### Task directions
Would you retype, word for word, the line with "match t with" and every line after it through the end of the records below?

### Material to process

(* (i) If $n\ge 2$ is even, there is a locally finite $n$-distributive variety which is not $(n-1)$-directed-distributive. (ii) For every $n\ge 2$ there is a locally finite $n$-directed-distributive variety which is not $(2n-2)$-alvin, hence not $(2n-3)$-distributive. (iii) More generally, for every $n\ge2$ there is a locally finite $n$-directed-distributive variety in which the congruence identity $\alpha(\beta\circ\gamma)\subseteq(\alpha(\gamma\circ\beta))^{n-1}$ fails.
   Context: Ternary terms $t_0,\dots,t_n$ with $t_0(x,y,z)=x$, $t_n(x,y,z)=z$, $t_h(x,y,x)=x$ for all $h$ are: J\'onsson terms if moreover $t_h(x,x,z)=t_{h+1}(x,x,z)$ for even $h$ and $t_h(x,z,z)=t_{h+1}(x,z,z)$ for odd $h$ ($0\le h<n$); alvin terms if even/odd are exchanged there; directed J\'onsson terms if $t_h(x,z,z)=t_{h+1}(x,x,z)$ for all $0\le h<n$. A variety is $n$-distributive, $n$-alvin, $n$-directed-distributive if it has, respectively, J\'onsson, alvin, directed J\'onsson terms $t_0,\dots,t_n$. In congruence identities juxtaposition is intersection, $\circ$ composition, $R^k$ the $k$-fold composition of $R$. *)

From mathcomp Require Import all_boot.
Set Implicit Arguments. Unset Strict Implicit. Unset Printing Implicit Defensive.

Record signature := Signature { op : Type; arity : op -> nat }.

Inductive term (S : signature) (X : Type) : Type :=
| Var : X -> term S X
| App : forall f : op S, ('I_(arity f) -> term S X) -> term S X.
Arguments Var {S X} x.
Arguments App {S X} f args.

Record algebra (S : signature) := Algebra {
  carrier :> Type;
  interp : forall f : op S, ('I_(arity f) -> carrier) -> carrier }.
Arguments interp {S} a f _.

Fixpoint eval (S : signature) (X : Type) (A : algebra S) (v : X -> A)
  (t : term S X) : A :=
  match t with
  | Var x => v x
  | App f args => interp A f (fun i => @eval S X A v (args i))
  end.
Arguments eval {S X} A v t.

Definition equation (S : signature) := (term S nat * term S nat)%type.

Definition satisfies (S : signature) (A : algebra S) (e : equation S) : Prop :=
  forall v : nat -> A, eval A v e.1 = eval A v e.2.

Definition variety_of (S : signature) (Sigma : equation S -> Prop)
  : algebra S -> Prop :=
  fun A => forall e, Sigma e -> satisfies A e.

### Task response
  match t with
  | Var x => v x
  | App f args => interp A f (fun i => @eval S X A v (args i))
  end.
Arguments eval {S X} A v t.

Definition equation (S : signature) := (term S nat * term S nat)%type.

Definition satisfies (S : signature) (A : algebra S) (e : equation S) : Prop :=
  forall v : nat -> A, eval A v e.1 = eval A v e.2.

Definition variety_of (S : signature) (Sigma : equation S -> Prop)
  : algebra S -> Prop :=
  fun A => forall e, Sigma e -> satisfies A e.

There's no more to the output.